FIG. 1 is a basic output characteristic waveform displaying a piezoelectric element output during a CSS test of a magnetic disk.

FIG. 2 is a characteristic waveform that serves as a reference and is a characteristic waveform during a CSS test of a magnetic disk having a well-balanced amount and roughness of a lubricant and a protective film.

FIG. 3 is a characteristic waveform showing changes in the amount of lubricant and the suction force in a CSS test.

FIG. 4 is a characteristic waveform showing changes in adsorption force and friction force depending on the surface roughness of a magnetic disk in a CSS test.

FIG. 5 is a characteristic waveform showing a change in the thickness of a defective product or a protective film in which the flying posture of the magnetic head is bad in the CSS test.

FIG. 6 is a characteristic waveform when a flying state of a magnetic head on a magnetic disk surface in a CSS test is a catering state.

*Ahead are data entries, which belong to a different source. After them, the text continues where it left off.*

(* Fix $n$ and $r$ with $0\le r<\lfloor n/2\rfloor$, and let $a=\lfloor n/2\rfloor$. For any prime power $q$, any nontrivial additive character $\psi$ of $\mathbb F_q$ and any rank-one matrix $T\in M_{a,n-a}(\mathbb F_q)$, the number $$\widehat 1_{\mathcal O_r}(T)=\sum_{A\in\mathcal O_r}\psi(\mathrm{trace}(T^tA))$$ is a positive integer, and as $q\to\infty$, $$\widehat 1_{\mathcal O_r}(T)=\left(\frac1{q^r}+o\!\left(\frac1{q^r}\right)\right)\#(\mathcal O_r).$$
   Context: $\mathcal O_r\subset M_{a,n-a}(\mathbb F_q)$ is the set of $a\times(n-a)$ matrices of rank $r$. *)

From HB Require Import structures.
From mathcomp Require Import all_boot all_order all_algebra all_field.
Set Implicit Arguments. Unset Strict Implicit. Unset Printing Implicit Defensive.
Import Order.TTheory GRing.Theory Num.Theory.
Local Open Scope ring_scope.

Definition Orank (F : finFieldType) (m k r : nat) : {set 'M[F]_(m, k)} :=
  [set A : 'M[F]_(m, k) | \rank A == r].

Definition additive_char (F : finFieldType) (psi : F -> algC) : Prop :=
  psi 0 = 1 /\ forall x y : F, psi (x + y) = psi x * psi y.

Definition nontrivial_char (F : finFieldType) (psi : F -> algC) : Prop :=
  exists x : F, psi x != 1.

Definition fourier_Orank (F : finFieldType) (m k r : nat) (psi : F -> algC)
  (T : 'M[F]_(m, k)) : algC :=
  \sum_(A in Orank F m k r) psi (\tr (T^T *m A)).

From HB Require Import structures.
From mathcomp Require Import all_boot all_order all_algebra all_field.
From mathcomp Require Import zify ring.
Set Implicit Arguments. Unset Strict Implicit. Unset Printing Implicit Defensive.
Import Order.TTheory GRing.Theory Num.Theory.
Local Open Scope ring_scope.

(* Write N1 for the number of A in O_r with A 0 0 = 1.  Every rank-one T is
   equivalent to the first partial identity, and O_r is stable under
   equivalence and under nonzero scalings; hence for each c the number of
   A in O_r with tr(T^T A) = c equals the number with A 0 0 = c, and this
   number is N1 for every c <> 0.  Orthogonality of the nontrivial character
   psi then collapses the Fourier sum to the integer  #O_r - q N1.
   Counting the triples (A, x, y) with A in O_r and x A y^T = 1 in two ways
   (fixing A, resp. the pair of nonzero vectors x, y) gives
     #O_r (q^(m+1) - q^(m+1-r)) q^(k+1) = (q^(m+1) - 1) (q^(k+1) - 1) q N1,
   from which elementary arithmetic yields q N1 < #O_r (positivity) and
     | (#O_r - q N1) q^r / #O_r - 1 | <= 8 / q        (asymptotics). *)

Section LinearCounting.

Variable F : finFieldType.
Local Notation q := #|F|.

Lemma card_rowspace s p (C : 'M[F]_(s, p)) :
  #|[set u : 'rV[F]_p | (u <= C)%MS]| = (q ^ \rank C)%N.
Proof.
have -> : [set u : 'rV[F]_p | (u <= C)%MS]
        = [set x *m row_base C | x : 'rV[F]_(\rank C)].
  apply/setP => u; rewrite inE; apply/idP/imsetP.
    by rewrite -(eq_row_base C) => /submxP [x ->]; exists x.
  by case=> x _ ->; rewrite (submx_trans (submxMl _ _)) ?eq_row_base.
rewrite card_imset ?cardsT ?card_mx ?mul1n //.
exact: row_free_inj (row_base_free C).
Qed.
(* Let $\mathbf{S}=(S_n:n\ge1)\sim L(2,2,p)$ with $p=\sqrt2-1$, and let $x$ be a positive integer. Then $$\mathbb{P}(S_n\ge x\text{ for some }n\ge1)=\mathbb{P}(S_n\le -x\text{ for some }n\ge1)=1.$$
   Context: Ladder chain: let $\xi_1,\xi_2,\dots$ be i.i.d. with values in $\{1,-1\}$, $\mathbb{P}(\xi_i=1)=p$, $\mathbb{P}(\xi_i=-1)=1-p$, and let $r,s$ be positive integers. Define $X_k=-1$ if $\xi_k=-1$; $X_k=s$ if $k\ge r$ and $\xi_k=\xi_{k-1}=\dots=\xi_{k-r+1}=1$; and $X_k=1$ otherwise. Let $S_n=X_1+\dots+X_n$. The process $\mathbf{S}=(S_n:n\ge1)$ is called a ladder chain of order $r$, step $s$ and probability $p$, written $\mathbf{S}\sim L(r,s,p)$. Thus for $L(2,2,p)$: $X_k=-1$ if $\xi_k=-1$, $X_k=2$ if $\xi_k=\xi_{k-1}=1$ ($k\ge2$), and $X_k=1$ otherwise. *)

From HB Require Import structures.
From mathcomp Require Import all_boot all_order all_algebra.
From mathcomp Require Import all_classical all_reals all_analysis.
Set Implicit Arguments. Unset Strict Implicit. Unset Printing Implicit Defensive.
Import Order.TTheory GRing.Theory Num.Theory.
Local Open Scope classical_set_scope.
Local Open Scope ring_scope.

(* Indices are 0-based: xi k here is the paper's xi_{k+1}. *)

(** Mutual independence of a sequence of real random variables:
    for every n and every measurable B_0,...,B_{n-1},
    P(xi_0 in B_0, ..., xi_{n-1} in B_{n-1}) = prod_i P(xi_i in B_i).
    (Taking B_i = setT recovers every finite subfamily.) *)
Definition mutually_independent_seq {d} {T : measurableType d} {R : realType}
    (P : probability T R) (xi : nat -> T -> R) : Prop :=
  forall (n : nat) (B : nat -> set R),
    (forall i, measurable (B i)) ->
    P (\bigcap_(i in [set i | (i < n)%N]) (xi i @^-1` B i)) =
    (\prod_(i < n) P (xi i @^-1` B i))%E.

Definition iid_pm1 {d} {T : measurableType d} {R : realType}
    (P : probability T R) (p : R) (xi : nat -> T -> R) : Prop :=
  [/\ (forall i, measurable_fun setT (xi i)),
      (forall i t, xi i t = 1 \/ xi i t = -1),
      (forall i, P (xi i @^-1` [set 1]) = p%:E) &
      mutually_independent_seq P xi].

Definition ladder_step {T : Type} {R : realType} (r s : nat)
    (xi : nat -> T -> R) (k : nat) (t : T) : R :=
  if xi k t == -1 then -1
  else if ((r <= k.+1)%N && [forall j : 'I_r, xi (k - j)%N t == 1]) then s%:R
  else 1.

Definition ladder_sum {T : Type} {R : realType} (r s : nat)
    (xi : nat -> T -> R) (n : nat) (t : T) : R :=
  \sum_(k < n) ladder_step r s xi k t.

From HB Require Import structures.
From mathcomp Require Import all_boot all_order all_algebra.
From mathcomp Require Import all_classical all_reals all_analysis.
From mathcomp Require Import ring lra.
Set Implicit Arguments. Unset Strict Implicit. Unset Printing Implicit Defensive.
Import Order.TTheory GRing.Theory Num.Theory.
Local Open Scope classical_set_scope.
Local Open Scope ring_scope.

(* For p = sqrt 2 - 1, i.e. p^2 + 2p = 1, the position plus p (counted only when the
   last step went up) is a martingale whose square grows by at least 1 per step in
   expectation.  Stop the chain when it leaves the window (-a, b).  Optional stopping
   bounds the probability of leaving below -a by (b + 3)/a and of leaving above b by
   (a + 1)/b, and the growth of the square bounds the probability of still being
   inside after N steps by (a + b + 3)^2/N.  Letting N and then the far end of the
   window go to infinity gives both statements.  All probabilities involved depend
   on finitely many signs, so they are computed as finite sums over sign words. *)

Fixpoint bool_seqs (N : nat) : seq (seq bool) :=
  if N is N'.+1 then [seq true :: w | w <- bool_seqs N'] ++ [seq false :: w | w <- bool_seqs N']
  else [:: [::]].

Lemma bool_seqs_uniq N : uniq (bool_seqs N).
Proof.
elim: N => [|N IH] //=; have cons_inj (c : bool) : injective (cons c) by move=> ? ? [].
rewrite cat_uniq !map_inj_uniq ?IH //= andbT.
by apply/hasPn => _ /mapP[w _ ->]; apply/mapP => -[].
Qed.

Lemma mem_bool_seqs N w : (w \in bool_seqs N) = (size w == N).
Proof.
elim: N w => [|N IH] [|c w] //=; rewrite mem_cat.
  by apply/orP => -[] /mapP[].
have cons_inj (c' : bool) : injective (cons c') by move=> ? ? [].
have mem_cons_map c' : (c' :: w \in [seq ~~ c' :: v | v <- bool_seqs N]) = false.
  by apply/mapP => -[] ? _ []; case: c'.
rewrite eqSS -IH; case: c; rewrite mem_map //.
  by rewrite (mem_cons_map true) orbF.
by rewrite (mem_cons_map false).
Qed.

Section CoinExpectation.
Variables (R : realType) (p : R).
Implicit Types (N : nat) (f g : seq bool -> R).
(* We exhibit an explicit sextic q with honest five-term representations of
   badges (3,2) and (2,3) and show that every honest representation of q has
   at least five terms; then both badges are minimal, i.e. signatures.

   The lower bound rests on apolarity: if q = sum_i lam_i (a_i x + b_i y)^6
   and a form h = sum_j h_j X^(d-j) Y^j vanishes at every (a_i, b_i), then
   sum_j h_j m_(k+j) = 0 for the scaled coefficients m_k of q.  With at most
   three terms the cubic prod_i (b_i X - a_i Y) is apolar to q; the
   catalecticant of q is nonsingular, so the cubic is zero and some linear
   form vanishes, which honesty forbids.  With four terms the quartic
   prod_i (b_i X - a_i Y) is apolar; as a product of real linear forms its
   Hessian is nonpositive and, by honesty, its invariant I is positive; an
   explicit certificate shows no quartic apolar to q has both properties. *)

Lemma rsum_ext (n : nat) (f g : nat -> R) :
  (forall i, (i < n)%nat -> f i = g i) -> rsum n f = rsum n g.
Proof.
  induction n as [|n IH]; intros H; simpl; [reflexivity|].
  rewrite IH by (intros; apply H; lia). rewrite H by lia. reflexivity.
Qed.

Lemma rsum_zero (n : nat) (f : nat -> R) :
  (forall i, (i < n)%nat -> f i = 0) -> rsum n f = 0.
Proof.
  induction n as [|n IH]; intros H; simpl; [reflexivity|].
  rewrite IH by (intros; apply H; lia). rewrite H by lia. ring.
Qed.

Lemma rsum_plus (n : nat) (f g : nat -> R) :
  rsum n (fun i => f i + g i) = rsum n f + rsum n g.
Proof. induction n as [|n IH]; simpl; [ring|rewrite IH; ring]. Qed.

Lemma rsum_scal (n : nat) (c : R) (f : nat -> R) :
  rsum n (fun i => c * f i) = c * rsum n f.
Proof. induction n as [|n IH]; simpl; [ring|rewrite IH; ring]. Qed.

Lemma rsum_swap (n m : nat) (f : nat -> nat -> R) :
  rsum n (fun i => rsum m (fun j => f i j)) = rsum m (fun j => rsum n (fun i => f i j)).
Proof.
  induction n as [|n IH]; simpl.
  - symmetry. apply rsum_zero. reflexivity.
  - rewrite IH. symmetry.
    exact (rsum_plus m (fun j => rsum n (fun i => f i j)) (fun j => f n j)).
Qed.

Definition binom6 (k : nat) : R :=
  match k with
  | 0%nat | 6%nat => 1
  | 1%nat | 5%nat => 6
  | 2%nat | 4%nat => 15
  | 3%nat => 20
  | _ => 0
  end.

Definition moment (r : nat) (lam al be : nat -> R) (k : nat) : R :=
  rsum r (fun i => lam i * al i ^ (6 - k) * be i ^ k).

Lemma power_sum_expand (r : nat) (lam al be : nat -> R) (x y : R) :
  rsum r (fun i => lam i * (al i * x + be i * y) ^ 6) =
  rsum 7 (fun k => binom6 k * moment r lam al be k * x ^ (6 - k) * y ^ k).
Proof.
  induction r as [|r IH]; unfold moment in *; simpl in *; [ring|].
  rewrite IH. ring.
Qed.

Lemma sextic_coef_unique (c d : nat -> R) :
  (forall x y, rsum 7 (fun k => c k * x ^ (6 - k) * y ^ k) =
               rsum 7 (fun k => d k * x ^ (6 - k) * y ^ k)) ->
  forall k, (k < 7)%nat -> c k = d k.
Proof.
  intros H k Hk.
  pose proof (H 0 1) as E0; pose proof (H 1 1) as E1; pose proof (H (-1) 1) as E2;
  pose proof (H 2 1) as E3; pose proof (H (-2) 1) as E4; pose proof (H 3 1) as E5;
  pose proof (H (-3) 1) as E6.
  simpl in E0, E1, E2, E3, E4, E5, E6.
  destruct k as [|[|[|[|[|[|[|k]]]]]]]; [lra..|lia].
Qed.

Definition mq (k : nat) : R :=
  match k with
  | 0%nat => 150589038816
  | 1%nat => -99604175904
  | 2%nat => -8761715568
  | 3%nat => 86083080264
  | 4%nat => -16618839372
  | 5%nat => -263029581294
  | _ => 398652863237
  end.

Definition q (x y : R) : R := rsum 7 (fun k => binom6 k * mq k * x ^ (6 - k) * y ^ k).
(* Consider AdaFTRL with $1/2$-Tsallis entropy for $K$-armed bandits relying on a known upper bound $M$ on the payoffs (described in the context). For all $m\in\mathbb{R}$ with $m\le M$, all oblivious sequences $y_1,y_2,\dots$ in $[m,M]^K$ and all $T\ge1$, \[ R_T(y_{1:T})\le 4(M-m)\sqrt{KT}+2(M-m). \]
   Context: Oblivious adversarial $K$-armed bandits ($K\ge2$): reward vectors $y_t\in[m,M]^K$ fixed beforehand; at round $t$ the player draws $A_t\sim p_t$ and observes only $y_{t,A_t}$; $R_T(y_{1:T})=\max_a\sum_{t=1}^Ty_{t,a}-\mathbb{E}[\sum_{t=1}^Ty_{t,A_t}]$. The player knows $M$ but not $m$. Let $\mathcal{S}$ be the probability simplex over $[K]$, $H_{1/2}(p)=-\sum_{a=1}^K2\sqrt{p_a}$ (for $p\in[0,\infty)^K$), and for $q$ with all $q_a>0$, $B(p,q)=H_{1/2}(p)-H_{1/2}(q)-\langle\nabla H_{1/2}(q),p-q\rangle=\sum_a(\sqrt{p_a}-\sqrt{q_a})^2/\sqrt{q_a}$. Algorithm (input $M$): $\eta_1=+\infty$, $p_1=(1/K,\dots,1/K)$. For $t\ge1$: draw $A_t\sim p_t$; observe $y_{t,A_t}$; set $\widehat y_{t,a}=\frac{y_{t,a}-M}{p_{t,a}}\mathbf{1}\{A_t=a\}+M$; compute $\delta_t=\max_{p\in\mathcal{S}}\{\langle p_t-p,-\widehat y_t\rangle-B(p,p_t)/\eta_t\}$ (with the convention $B(p,p_t)/\eta_t=0$ when $\eta_t=+\infty$); set $\eta_{t+1}=2(\sqrt K-1)/\sum_{s=1}^t\delta_s$; set $p_{t+1}\in\arg\min_{p\in\mathcal{S}}\bigl\{-\sum_{a}p_a\sum_{s=1}^t\widehat y_{s,a}-\frac1{\eta_{t+1}}\sum_a2\sqrt{p_a}\bigr\}$. *)

From HB Require Import structures.
From mathcomp Require Import all_boot all_order all_algebra.
From mathcomp Require Import all_classical all_reals.
Set Implicit Arguments. Unset Strict Implicit. Unset Printing Implicit Defensive.
Import Order.TTheory GRing.Theory Num.Theory.
Local Open Scope classical_set_scope.
Local Open Scope ring_scope.

(* Conventions:
   - actions are 'I_K;
   - rounds are 0-based: y t is the reward vector y_{t+1} of the paper;
   - a history is a sequence of past actions stored MOST RECENT FIRST:
     h = [:: A_t; ...; A_1] (so size h = t);
   - a policy p maps a history h of size t to the distribution p_{t+1};
   - instead of eta we track inv_eta = 1/eta (inv_eta = 0 <-> eta = +oo). *)

Section Bandit.
Variables (R : realType) (K : nat).

Definition in_simplex (q : 'I_K -> R) : Prop :=
  (forall a, 0 <= q a) /\ \sum_(a < K) q a = 1.
(* Let $G$ be a profinite group satisfying the maximum condition on closed subgroups, and let $H$ be an open normal subgroup of $G$. Then the maps $G'\mapsto \mathrm{i}_H(G'\cap H)$ and $H'\mapsto \mathrm{i}_G(H')$ are well-defined, mutually inverse bijections between the set of isolated orbital closed subgroups of $G$ and the set of isolated orbital closed subgroups of $H$.
   Context: A closed subgroup $K$ of a profinite group $X$ is $X$-orbital if $\mathbf{N}_X(K)$ is open in $X$. An orbital closed subgroup $K$ is $X$-isolated orbital if for every $X$-orbital closed subgroup $K'$ with $K\lneq K'\le X$ we have $[K':K]=\infty$. For an $X$-orbital closed subgroup $K$, its isolator $\mathrm{i}_X(K)$ is the closed subgroup of $X$ generated by all $X$-orbital closed subgroups $L$ with $K\le L$ and $[L:K]<\infty$. *)

From Stdlib Require Import List.
Set Implicit Arguments.

Record TopGroup := {
  carrier :> Type;
  mul : carrier -> carrier -> carrier;
  inv : carrier -> carrier;
  one : carrier;
  is_open : (carrier -> Prop) -> Prop;
  mulA : forall x y z, mul x (mul y z) = mul (mul x y) z;
  mul1g : forall x, mul one x = x;
  mulVg : forall x, mul (inv x) x = one;
  open_full : is_open (fun _ => True);
  open_union : forall F : (carrier -> Prop) -> Prop,
      (forall U, F U -> is_open U) -> is_open (fun x => exists U, F U /\ U x);
  open_inter : forall U V, is_open U -> is_open V -> is_open (fun x => U x /\ V x);
  mul_cont : forall W x y, is_open W -> W (mul x y) ->
      exists U V, is_open U /\ is_open V /\ U x /\ V y /\
                  (forall u v, U u -> V v -> W (mul u v));
  inv_cont : forall W, is_open W -> is_open (fun x => W (inv x))
}.
Lemma supnorm_coercive :
  exists al, 0 < al /\ forall c i, (i <= N)%nat -> al * Rabs (c i) <= supnorm c.
Proof.
  destruct (pos_bound_uniform (fun k al => forall c, unit_box k c -> al <= supnorm c) N)
    as [al [Hal Hall]].
  - intros k a0 a1 H Ha c Hc. specialize (H c Hc). lra.
  - exact supnorm_pos_on_unit_box.
  - exists al. split; [exact Hal|]. intros c.
    destruct (argmax_le N (fun i => Rabs (c i))) as [k [Hk Hmax]]. simpl in Hmax.
    destruct (Req_dec (c k) 0) as [Hz|Hnz].
    { intros i Hi. specialize (Hmax i Hi). rewrite Hz, Rabs_R0 in Hmax.
      pose proof (Rabs_pos (c i)). destruct (supnorm_spec c) as [[w [_ <-]] _].
      pose proof (Rabs_pos (cospoly N c w)). nra. }
    pose proof (Rabs_pos_lt _ Hnz) as Hck.
    set (c' i := c i / c k).
    assert (Hbox : unit_box k c').
    { intros i Hi. unfold c'. destruct (Nat.eqb_spec i k) as [->|].
      - rewrite Rdiv_diag by exact Hnz. lra.
      - apply Rabs_le_between. unfold Rdiv. rewrite Rabs_mult, Rabs_inv.
        apply Rmult_le_reg_r with (Rabs (c k)); [exact Hck|].
        rewrite Rmult_assoc, Rinv_l by lra. specialize (Hmax i ltac:(lia)). lra. }
    assert (Hscaled : al * Rabs (c k) <= supnorm c).
    { pose proof (Hall k Hk c' Hbox) as Hc'.
      destruct (supnorm_spec c') as [[w [Hw Hw_eq]] _].
      destruct (supnorm_spec c) as [_ Hmax_c]. specialize (Hmax_c w Hw).
      replace (cospoly N c' w) with (cospoly N c w * / c k) in Hw_eq
        by (symmetry; apply cospoly_div).
      rewrite Rabs_mult, Rabs_inv in Hw_eq.
      apply Rle_trans with (supnorm c' * Rabs (c k)); [apply Rmult_le_compat_r; lra|].
      rewrite <- Hw_eq, Rmult_assoc, Rinv_l by lra. lra. }
    intros i Hi. specialize (Hmax i Hi). nra.
Qed.
Lemma flux_h_contract t i j : e i j ->
  \sum_(k | e i k && (k != j)) W t.+1 k i * flux h t k i <= rate * flux h t.+1 i j.
Proof.
move=> eij; have := flux_h_le t.+1 eij; rewrite flux_h_succ //.
set s := \sum_(k | _) _ => flux_le; rewrite /rate mulrBl mul1r.
have : hmax^-1 * (pi i + s) <= pi i by rewrite mulrC ler_pdivrMr ?hmax_gt0.
lra.
Qed.

Lemma exists_flux_h_gt0 : exists T, forall i j, e i j -> 0 < flux h T i j.
Proof.
have hmax2_gt0 : 0 < hmax ^+ 2 := exprn_gt0 _ hmax_gt0.
have inv_hmax2_gt0 : 0 < (hmax ^+ 2)^-1 by rewrite invr_gt0.
have [N _ rate_small] := cvgr_lt _ rate_expr_cvg0 _ inv_hmax2_gt0.
exists N => i j eij; have w_bounded := mpaW_bounded N.
rewrite /flux !mulr_gt0 ?mpa_den_gt0 //.
apply: lt_le_trans (gap_h_mpaW_lb N.+1 eij).
by rewrite subr_gt0 -ltr_pdivlMr // mul1r; apply: rate_small => /=.
Qed.

Lemma is_cvg_flux f i j : e i j -> cvgn (fun t => flux f t i j).
Proof.
move=> eij; apply: is_cvgM; first by apply: is_cvgM; [exact: is_cvg_cst | exact: is_cvg_mpa_den].
apply: is_cvgB; first exact: is_cvg_cst.
apply: is_cvgM; last exact: is_cvg_cst.
by rewrite (is_cvgn_shiftS (fun t => W t i j)); exact: is_cvg_mpaW.
Qed.

Section ParticularSolution.
Variable g : I -> R.
Hypothesis g_eq : forall i, g i = (pi i)^-1 + \sum_k Q i k * g k.

Definition mpa_err t i j := H t.+1 i j - flux g t i j.

Lemma mpa_err_succ t i j : e i j ->
  mpa_err t.+1 i j = \sum_(k | e i k && (k != j)) W t.+1 k i * mpa_err t k i.
Proof.
move=> eij; rewrite /mpa_err mpaH_succ flux_succ //.
have -> : g i - \sum_k Q i k * g k = (pi i)^-1 by rewrite {1}g_eq addrK.
rewrite mulfV ?gt_eqF //; under [RHS]eq_bigr do rewrite mulrBr.
by rewrite sumrB; ring.
Qed.

Lemma mpa_err_bound (T : nat) : (forall i j, e i j -> 0 < flux h T i j) ->
  exists2 K, 0 <= K & forall n i j, e i j ->
    `|mpa_err (T + n) i j| <= K * rate ^+ n * flux h (T + n) i j.
Proof.
move=> flux_gt0.
pose K := \big[Num.max/0]_(p : I * I | e p.1 p.2) (`|mpa_err T p.1 p.2| / flux h T p.1 p.2).
have K_ge0 : 0 <= K := bigmax_ge_id _ _ _ _.
exists K => // n.
elim: n => [|n IH] i j eij.
  rewrite addn0 expr0 mulr1 -ler_pdivrMr ?flux_gt0 //.
  exact: (le_bigmax_cond _ (j := (i, j))).
rewrite addnS mpa_err_succ //; apply: le_trans (ler_norm_sum _ _ _) _.
apply: le_trans (_ : \sum_(k | e i k && (k != j))
  W (T + n).+1 k i * (K * rate ^+ n * flux h (T + n) k i) <= _).
  apply: ler_sum => k /andP[eik _]; have eki : e k i by rewrite e_sym.
  have W_ge0 := ltW (mpaW_gt0 (T + n).+1 eki).
  by rewrite normrM ger0_norm // ler_wpM2l // IH.
under eq_bigr do rewrite mulrCA.
rewrite -mulr_sumr.
have -> : K * rate ^+ n.+1 * flux h (T + n).+1 i j =
          K * rate ^+ n * (rate * flux h (T + n).+1 i j) by rewrite exprS; ring.
by rewrite ler_wpM2l ?mulr_ge0 ?rate_expr_ge0 // flux_h_contract.
Qed.

Lemma mpa_err_cvg0 i j : e i j -> mpa_err t i j @[t --> \oo] --> 0.
Proof.
move=> eij; have [T flux_gt0] := exists_flux_h_gt0.
have [K K_ge0 err_le] := mpa_err_bound flux_gt0.
set c := K * (pi i * hmax); rewrite -(cvg_shiftn T).
apply: (@squeeze_cvgr _ _ _ _ (fun n => - (c * rate ^+ n)) (fun n => c * rate ^+ n)).
- apply: nearW => n /=; rewrite -ler_norml addnC.
  apply: le_trans (err_le n i j eij) _.
  have -> : c * rate ^+ n = K * rate ^+ n * (pi i * hmax) by rewrite /c; ring.
  by rewrite ler_wpM2l ?flux_h_le // mulr_ge0 // rate_expr_ge0.
- by rewrite -oppr0 -(mulr0 c); apply: cvgN; apply: cvgMl_tmp; exact: rate_expr_cvg0.
- by rewrite -(mulr0 c); apply: cvgMl_tmp; exact: rate_expr_cvg0.
Qed.

Lemma is_cvg_mpaH i j : e i j -> cvgn (fun t => H t i j).
Proof.
move=> eij; rewrite -(is_cvgn_shiftS (fun t => H t i j)).
have -> : (fun t => H t.+1 i j) = (fun t => flux g t i j + mpa_err t i j).
  by apply/funext => t; rewrite /mpa_err addrC subrK.
apply: is_cvgD; first exact: is_cvg_flux.
exact: cvgP (mpa_err_cvg0 eij).
Qed.

Lemma is_cvg_mpaHnode l : cvgn (fun t => mpaHnode e Q q t l).
Proof.
apply: is_cvgD; first exact: is_cvg_cst.
apply: is_cvgn_sum => i eli; have eil : e i l by rewrite e_sym.
by apply: is_cvgM; [exact: is_cvg_mpaW | exact: is_cvg_mpaH].
Qed.

End ParticularSolution.
End Reversible.
End Potential.

Lemma mpa_cvg (pi : I -> R) :
  (forall i, 0 < pi i) -> (forall i k, pi i * Q i k = pi k * Q k i) ->
  (forall i j, e i j -> cvgn (fun t => W t i j) /\ cvgn (fun t => H t i j)) /\
  (forall l, cvgn (fun t => mpaHnode e Q q t l)).
Proof.
move=> pi_gt0 pi_rev.
have /= [h h_eq] := exists_potential (fun=> 1).
have /= [g g_eq] := exists_potential (fun i => (pi i)^-1).
split=> [i j eij|l]; first split.
- exact: is_cvg_mpaW.
- exact: (is_cvg_mpaH h_eq pi_gt0 pi_rev g_eq eij).
- exact: (is_cvg_mpaHnode h_eq pi_gt0 pi_rev g_eq).
Qed.

End MessagePassing.

Theorem theorem1 (R : realType) (I : finType) (e : rel I)
  (Q : I -> I -> R) (q : I -> R) :
  simple_graph e -> connected_graph e ->
  (forall i j, 0 <= Q i j) -> (forall i, 0 <= q i) ->
  (forall i j, Q i j = 0 <-> ~~ e i j) ->
  (forall i, \sum_(j : I) Q i j + q i = 1) ->
  (* (i) *)
  (exists i, q i != 0) ->
  (forall l : I, strictly_substochastic_on Q (~: [set l])) ->
  (* (ii) ; the extra node f is None in option I *)
  (exists C : option I -> option I -> R,
     (forall a b, 0 <= C a b) /\ (forall a b, C a b = C b a) /\
     (forall i j, Q i j = C (Some i) (Some j) / \sum_(k : option I) C (Some i) k) /\
     (forall i, q i = C (Some i) None / \sum_(k : option I) C (Some i) k)) ->
  (forall i j, e i j ->
     cvg ((fun t => mpaW e Q q t i j) @ \oo) /\
     cvg ((fun t => mpaH e Q q t i j) @ \oo)) /\
  (forall l : I, cvg ((fun t => mpaHnode e Q q t l) @ \oo)).
Proof.
move=> [_ e_sym] e_conn Q_ge0 q_ge0 Q_eq0 Q_row [leak q_leak] _.
move=> [C [C_ge0 [C_sym [QC qC]]]].
have [pi pi_gt0 pi_rev] := reversible_of_conductance Q_row C_ge0 C_sym QC qC.
exact: (mpa_cvg e_sym e_conn Q_ge0 q_ge0 Q_eq0 Q_row q_leak pi_gt0 pi_rev).
Qed.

FIG. 7 is a characteristic waveform in a state where the magnetic head is not levitated on the magnetic disk surface in the CSS test.

[Explanation of symbols]

1 Output waveform of rotation deceleration stage 2 Output waveform of rotation start stage 3 Output waveform of stop state 4 Impulse (load applied to magnetic disk by magnetic head) f ₁ Static friction force

Claims (3)

[Claims] 1. A magnetic head capable of quick and easy measurement,
A magnetic recording medium testing device substantially composed of a magnetic head mounting portion, a high frequency sensor, a driving mechanism, and an output conversion display device. 2. An output characteristic curve of the magnetic recording medium test apparatus according to claim 1 in a cycle consisting of four stages of rotation deceleration, stop, rotation start and normal rotation of the magnetic recording medium or when the cycle is repeated. Is displayed, and the pass / fail of the magnetic recording medium characteristic value is evaluated by the positional relationship of the characteristic curve at the time of stop to the reference line or the shape or amplitude of the output characteristic curve at the rotational deceleration stage or the rotational start stage. Magnetic recording medium test method. 3. An output characteristic curve of the magnetic recording medium test apparatus according to claim 1 in a cycle consisting of four stages of rotation deceleration, stop, rotation start and normal rotation of the magnetic recording medium or when the cycle is repeated. Is displayed, and the quality of the magnetic head or the method of mounting the magnetic head is evaluated by the shape or amplitude of the output characteristic curve at the rotation deceleration stage or the rotation start stage.